Мы теперь были на виду. Даже при задернутых шторах мне казалось, что за каждым нашим шагом следят, каждое наше слово слышат и взвешивают на невидимых весах. Да, какое-то время Анджею нельзя появляться на людях. Но как долго?
Вечером я зашел в комнату к отцу. «Ты считаешь, — отец медленно протирал очки, — нам следует поменять квартиру?» — «Я об этом думал. Но, возможно, все выяснится». Отец печально покачал головой: «Что же тут может выясниться… Разве только, что теперь мы чужие». Я смотрел из-за занавески на улицу: «Время лечит и не такие раны». Отец положил очки на стол. Золотая оправа блеснула в свете лампы. «Ты догадываешься, почему он это сделал?» Я смотрел на деревья по другой стороне Новогродской: «Похоже, догадываюсь». Отец опять стал кусочком замши протирать стекла очков: «Кажется, мы думаем об одном и том же». Я не сводил глаз с черных стволов деревьев перед домом Есёновских: «Да, мы думаем об одном и том же». Отец начал было складывать разбросанные по столу листки, но тут же перестал. «Вероятно, ей надо уехать». Я посмотрел на него: «В таком состоянии?..» Он болезненно сощурился: «Понимаешь, я не могу себе простить, что вовремя не заметил…» — «Не грызи себя, — я коснулся его плеча. — Никто не мог знать наперед. Но Анджей умный. Он все понимает». — «Пожалуй, ты прав, только как мы теперь со всем этим будем жить?»

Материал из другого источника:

Lemma nonsingular_null_preserving d (P : measurableType d) (R : realType)
    (mu : set P -> \bar R) (Q : P -> P) :
  nonsingular mu Q -> null_preserving mu Q.
Proof. by move=> [_ Q_ns] A mA /(Q_ns A mA). Qed.

Section ergodic_invariant.
Context d (P : measurableType d) (R : realType).
Variable mu : {measure set P -> \bar R}.
Variable Tf : P -> P.
Hypothesis mTf : measurable_fun setT Tf.
Hypothesis Tf_null : null_preserving mu Tf.
Hypothesis Tf_ergodic : ergodic mu Tf.

Lemma measurable_iter n : measurable_fun setT (iter n Tf).
Proof.
by elim: n => [|n IHn] /=; [exact: measurable_id|exact: measurableT_comp].
Qed.

Lemma null_preserving_iter n : null_preserving mu (iter n Tf).
Proof.
elim: n => [//|n IHn] A mA A0.
rewrite (_ : _ @^-1` _ = Tf @^-1` (iter n Tf @^-1` A)); last first.
  by apply/seteqP; split => p; rewrite /preimage /= -iterS iterSr.
apply: Tf_null; last exact: IHn.
exact: measurable_preimage (measurable_iter n) mA.
Qed.

Lemma ergodic_ae_invariant_set (E : set P) : measurable E ->
  {ae mu, forall p, E (Tf p) = E p} ->
  mu.-negligible E \/ mu.-negligible (~` E).
Proof.
move=> mE [N [mN N0 NE]].
pose Z := \bigcup_n (iter n Tf @^-1` N).
have Z_null : mu.-negligible Z.
  apply: negligible_bigcup => n; exists (iter n Tf @^-1` N); split => //.
    exact: measurable_preimage (measurable_iter n) mN.
  exact: null_preserving_iter.
have E_orbit p : ~ Z p -> forall n, E (iter n Tf p) = E p.
  move=> Zp; elim=> [//|n IHn]; rewrite iterS -IHn.
  by apply: contrapT => nE; apply: Zp; exists n => //; apply: NE.
(* [ergodic] only concerns strictly invariant sets: pass to the points whose
   orbit eventually stays in E. *)
pose A := \bigcup_n \bigcap_k (iter (k + n) Tf @^-1` E).
have mA : measurable A.
  apply: bigcupT_measurable => n; apply: bigcapT_measurable => k.
  exact: measurable_preimage (measurable_iter _) mE.
have A_inv : Tf @^-1` A = A.
  apply/seteqP; split => p [n _ An].
    by exists n.+1 => // k _; rewrite /= addnS iterSr; exact: (An k).
  by exists n => // k _; rewrite /= -iterSr -addSn; exact: (An k.+1).
have [A0|CA0] := Tf_ergodic mA A_inv.
  left; apply: (@negligibleS _ _ _ _ (A `|` Z)); last first.
    by apply: negligibleU => //; exists A; split.
  move=> p Ep; have [Zp|Zp] := pselect (Z p); [by right|left].
  by exists 0%N => // k _; rewrite /= addn0 E_orbit.
right; apply: (@negligibleS _ _ _ _ (~` A `|` Z)); last first.
  by apply: negligibleU => //; exists (~` A); split => //; exact: measurableC.
move=> p Ep; have [Zp|Zp] := pselect (Z p); [by right|left].
by move=> [n _ An]; apply: Ep; rewrite -(E_orbit _ Zp n) -[n]add0n; exact: An.
Qed.
Lemma homogeneous_wigner_form N A m : bounded_support N A -> hermitian A ->
  wcoef_homogeneous N A m -> wigner_form N A m (fun e => wigner_coef N A e (m - e)).
Proof.
  intros hs hh hm.
  assert (Hpoly : forall a, homog_poly m (fun e => wigner_coef N A e (m - e)) a
                            = bipoly N (wigner_coef N A) a).
  { intros a; rewrite (homog_poly_bipoly _ _ (N + m)), <- (bipoly_wigner_extend N A (N + m))
      by (auto; lia).
    apply bipoly_ext; intros p q _ _; unfold homog_poly_coef, wigner_coef.
    destruct (Nat.eqb_spec (p + q) m) as [<-|E].
    - replace (p + q - p)%nat with q by lia; reflexivity.
    - rewrite hm by lia; ring. }
  split; intros a; rewrite Hpoly.
  - pose proof (bipoly_wigner_conj N A a hh) as Hr.
    destruct (bipoly N (wigner_coef N A) a) as [x y]; apply (f_equal snd) in Hr; simpl in *; lra.
  - apply Wigner_bipoly, hs.
Qed.

Theorem lemma10 (N : nat) (A : Op)
  (hsupp : bounded_support N A) (hherm : hermitian A)
  (hnz : exists i j, A i j <> RtoC 0) :
  ((exists t, 1 < t /\ is_eigenvector N t A) <->
   (forall t, 1 <= t -> is_eigenvector N t A)) /\
  ((forall t, 1 <= t -> is_eigenvector N t A) <->
   (exists m p, wigner_form N A m p)) /\
  (forall m p, wigner_form N A m p ->
     forall t, 1 <= t -> forall i j,
       Vertigo N t A i j = Cmult (RtoC (sqrt t ^ m)) (A i j)).
Proof.
  assert (Heigen : forall m, wcoef_homogeneous N A m -> forall t, 1 <= t -> is_eigenvector N t A).
  { intros m hm t Ht; exists (RtoC (sqrt t ^ m)); apply Vertigo_homogeneous; auto; lra. }
  assert (Hhom : (exists t, 1 < t /\ is_eigenvector N t A) -> exists m, wcoef_homogeneous N A m).
  { intros [t [Ht He]]; exact (eigenvector_homogeneous N A t hsupp hnz Ht He). }
  split; [|split].
  - split.
    + intros Ht; destruct (Hhom Ht) as [m hm]; exact (Heigen m hm).
    + intros H; exists 2; split; [lra | apply H; lra].
  - split.
    + intros H; destruct Hhom as [m hm]; [exists 2; split; [lra | apply H; lra]|].
      exists m, (fun e => wigner_coef N A e (m - e)); apply homogeneous_wigner_form; assumption.
    + intros [m [p Hf]]; exact (Heigen m (wigner_form_homogeneous N A m p hsupp Hf)).
  - intros m p Hf t Ht; apply Vertigo_homogeneous; [exact hsupp| |lra].
    exact (wigner_form_homogeneous N A m p hsupp Hf).
Qed.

Уведомление пришло в четверг. Отцу надлежало в пятницу явиться в Ратушу по делу, не терпящему проволочек. Когда он явился около одиннадцати, российский поручик, вышедший из-за деревянного барьера, ввел его в кабинет, где уже ждали двое неизвестных мужчин.

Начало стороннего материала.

(* points of the projective curve: None = point at infinity O *)
Definition ec_point (F : fieldType) := option (F * F)%type.

Definition on_curve (F : fieldType) (a b : F) (P : ec_point F) : bool :=
  match P with
  | None => true
  | Some (x, y) => y ^+ 2 == x ^+ 3 + a * x + b
  end.

(* the usual chord-and-tangent group law (valid for char F <> 2,3) *)
Definition ec_add (F : fieldType) (a : F) (P Q : ec_point F) : ec_point F :=
  match P, Q with
  | None, _ => Q
  | _, None => P
  | Some (x1, y1), Some (x2, y2) =>
    if x1 == x2 then
      if y1 == - y2 then None
      else
        let l := (3%:R * x1 ^+ 2 + a) / (2%:R * y1) in
        let x3 := l ^+ 2 - x1 - x2 in
        Some (x3, l * (x1 - x3) - y1)
    else
      let l := (y2 - y1) / (x2 - x1) in
      let x3 := l ^+ 2 - x1 - x2 in
      Some (x3, l * (x1 - x3) - y1)
  end.

Definition ec_mul (F : fieldType) (a : F) (k : nat) (P : ec_point F) : ec_point F :=
  iter k (ec_add a P) None.

(* membership in the 2-Sylow subgroup of E(F) for a finite field F: the points
   of E(F) of 2-power order (in a finite abelian group the Sylow 2-subgroup is
   exactly its 2-primary part) *)
Definition in_2sylow (F : fieldType) (a b : F) (P : ec_point F) : Prop :=
  on_curve a b P /\ exists k : nat, ec_mul a (2 ^ k) P = None.

Definition generates_2sylow (F : fieldType) (a b : F) (Q : ec_point F) : Prop :=
  in_2sylow a b Q /\ forall P, in_2sylow a b P -> exists j : nat, P = ec_mul a j Q.

(* Since m 2^n - 1 = 3 mod 4, -1 is not a square in F_p, so a = -(t^2 + 1) is a
   nonzero square r^2, and 2r or -2r is a square w^2.  The map
   (x, y) |-> (w y / (x^2 + r^2), (x - r) / (x + r)) identifies E_t with the Edwards
   curve u^2 + v^2 = 1 - u^2 v^2, whose addition law never divides by zero because -1
   is not a square; associativity becomes a polynomial identity modulo the curve
   equations, so E_t(F_p) is an abelian group.
   As x |-> x^3 + a x is odd and exactly one of c, -c is a nonzero square for c != 0,
   E_t has p + 1 = m 2^n points.  Its only point of order 2 is (0, 0), so the 2-Sylow
   subgroup S is cyclic.  The x-coordinate of a double is a square, ((x^2 - a)/2y)^2,
   so P = (-1, t) is not a double; hence the 2-component of P generates S, and so does
   m P, in which the odd component vanishes. *)

From HB Require Import structures.
From mathcomp Require Import all_boot all_algebra all_fingroup all_solvable.
From mathcomp Require Import finfield ring zify.
Set Implicit Arguments. Unset Strict Implicit. Unset Printing Implicit Defensive.
Import GRing.Theory.
Local Open Scope ring_scope.

Section PolynomialCertificates.
Variable F : idomainType.

(* Each identity below is proved by a certificate: d (u - v) is written as a
   combination of the hypotheses, with cofactors found by Groebner basis reduction,
   where d is a product of quantities assumed nonzero. *)

Lemma eq_of_certificate (d u v e : F) :
  d != 0 -> e = 0 -> d * (u - v) = e -> u = v.
Proof. by move=> d0 -> /eqP; rewrite mulf_eq0 (negbTE d0) subr_eq0 => /eqP. Qed.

Разговор начался в очень неприятном тоне, отец не на шутку испугался, но потом поручик велел ему подписать «обязательство» (вот здесь — указал он длинным пальцем, на котором сверкал офицерский перстень), после чего велел отправляться домой.
Отец ничего не понимал. «Знаешь, — рассказывал он мне вечером, — когда я туда вошел, в эту комнату на втором этаже, с этим огромным письменным столом, картой на стене, черным несгораемым шкафом, я подумал: конец. Больше всего меня испугали двое в штатском. Они заявили, что поступок сына равнозначен государственному преступлению, так что последствия будут самыми суровыми, но потом — уже около двенадцати — стук в дверь. Входит околоточный с письмом в руке.

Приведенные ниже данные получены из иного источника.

Section Closure.
Variables (L : R -> Prop) (hL : is_left_ideal L).

Lemma lideal0 : L 0.
Proof. by case: hL. Qed.

Lemma lidealD a b : L a -> L b -> L (a + b).
Proof. by case: hL => _ [hD _]; apply: hD. Qed.

Lemma lidealMl r a : L a -> L (r * a).
Proof. by case: hL => _ [_ hM]; apply: hM. Qed.

Lemma lidealZ (c : K) a : L a -> L (c *: a).
Proof. by rewrite -mulr_algl; apply: lidealMl. Qed.

Lemma lidealB a b : L a -> L b -> L (a - b).
Proof. by move=> La Lb; rewrite -mulN1r; apply/lidealD/lidealMl. Qed.

Lemma lideal_sum (I : Type) (r : seq I) (P : pred I) (F : I -> R) :
  (forall i, P i -> L (F i)) -> L (\sum_(i <- r | P i) F i).
Proof. by move=> LF; elim/big_ind: _ => //; [exact: lideal0 | exact: lidealD]. Qed.

End Closure.

Lemma lidealI A B : is_left_ideal A -> is_left_ideal B ->
  is_left_ideal (fun z => A z /\ B z).
Proof.
move=> hA hB; split; first by split; apply: lideal0.
split=> [a b [Aa Ba] [Ab Bb] | r a [Aa Ba]]; split.
- exact: lidealD.
- exact: lidealD.
- exact: lidealMl.
- exact: lidealMl.
Qed.

Lemma principal_lideal u : is_left_ideal (@principal K R u).
Proof.
split; first by exists 0; rewrite mul0r.
split; first by move=> _ _ [a ->] [b ->]; exists (a + b); rewrite mulrDl.
by move=> r _ [a ->]; exists (r * a); rewrite mulrA.
Qed.

Lemma principal_sub L u : is_left_ideal L -> L u -> subsetR (principal u) L.
Proof. by move=> hL Lu _ [r ->]; apply: lidealMl. Qed.

Lemma sumset_lideal A B : is_left_ideal A -> is_left_ideal B ->
  is_left_ideal (sumset A B).
Proof.
move=> hA hB; split.
  by exists 0, 0; split; [exact: lideal0 | split; [exact: lideal0 | rewrite addr0]].
split=> [_ _ [a1 [b1 [A1 [B1 ->]]]] [a2 [b2 [A2 [B2 ->]]]] | r _ [a [b [Aa [Bb ->]]]]].
  exists (a1 + a2), (b1 + b2); split; first exact: lidealD.
  by split; [exact: lidealD | rewrite addrACA].
exists (r * a), (r * b); split; first exact: lidealMl.
by split; [exact: lidealMl | rewrite mulrDr].
Qed.

Fixpoint lspan s : R -> Prop :=
  if s is g :: s' then fun m => exists r a, lspan s' a /\ m = r * g + a
  else @zeroset K R.

Lemma lspan_lideal s : is_left_ideal (lspan s).
Proof.
elim: s => [|g s IH] /=.
  by split=> //; split=> [a b -> -> | r a ->]; rewrite ?addr0 ?mulr0.
split; first by exists 0, 0; rewrite mul0r addr0; split; first exact: lideal0.
split=> [_ _ [r1 [a1 [h1 ->]]] [r2 [a2 [h2 ->]]] | r _ [r1 [a1 [h1 ->]]]].
  exists (r1 + r2), (a1 + a2); split; first exact: lidealD.
  by rewrite mulrDl addrACA.
exists (r * r1), (r * a1); split; first exact: lidealMl.
by rewrite mulrDr mulrA.
Qed.

Lemma lspan_cons_sub g s : subsetR (lspan s) (lspan (g :: s)).
Proof. by move=> a Sa; exists 0, a; rewrite mul0r add0r. Qed.

Lemma lspan_mem s g : g \in s -> lspan s g.
Proof.
elim: s => // h s IH; rewrite inE => /orP[/eqP -> | /IH]; last exact: lspan_cons_sub.
by exists 1, 0; rewrite mul1r addr0; split; first exact: lideal0 (lspan_lideal s).
Qed.

Lemma lspan_min L s : is_left_ideal L -> (forall g, g \in s -> L g) ->
  subsetR (lspan s) L.
Proof.
move=> hL; elim: s => [|g s IH] sL m /=; first by move=> ->; exact: lideal0.
move=> [r [a [Sa ->]]]; apply: (lidealD hL).
  by apply: (lidealMl hL); apply/sL/mem_head.
by apply: IH Sa => h hs; apply: sL; rewrite inE hs orbT.
Qed.

Lemma lspan_coef s m :
  lspan s m -> exists c : nat -> R, m = \sum_(i < size s) c i * s`_i.
Proof.
elim: s m => [|g s IH] m /=; first by move=> ->; exists (fun _ => 0); rewrite big_ord0.
move=> [r [a [/IH [c ->] ->]]]; exists (fun i => if i is j.+1 then c j else r).
by rewrite big_ord_recl.
Qed.

Lemma fin_gen_lspan L s :
  (forall g, g \in s -> L g) -> subsetR L (lspan s) -> fin_gen L.
Proof.
move=> sL Ls; exists (size s), (fun i => s`_i); split=> [i | m /Ls /lspan_coef [c ->]].
  exact/sL/mem_nth.
by exists (fun i => c i).
Qed.

Definition simple_generators s : Prop :=
  forall g, g \in s -> g != 0 -> simple_lsub (principal g).

Lemma simple_generators_cons g s :
  simple_generators (g :: s) -> simple_generators s.
Proof. by move=> gs h hs; apply: gs; rewrite inE hs orbT. Qed.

Конверт, вижу, большой, запечатанный. Поручик ломает печать, достает письмо, а когда начинает читать, прямо-таки меняется в лице. Наконец кладет листок на стол, молчит, будто подыскивая подходящие слова, смотрит на меня, а затем говорит, поглядывая на письмо: “Поступок вашего сына преступен, но не следует спешить с выводами, ибо — как мне сообщают — сын ваш с давних пор страдает нервным расстройством, что меняет суть дела, превращая преступление в медицинский казус. Извольте обратиться к врачам, чтобы мальчик успокоился и горячность свою умерил. Распишитесь вот здесь, что ему будет обеспечено удвоенное внимание”.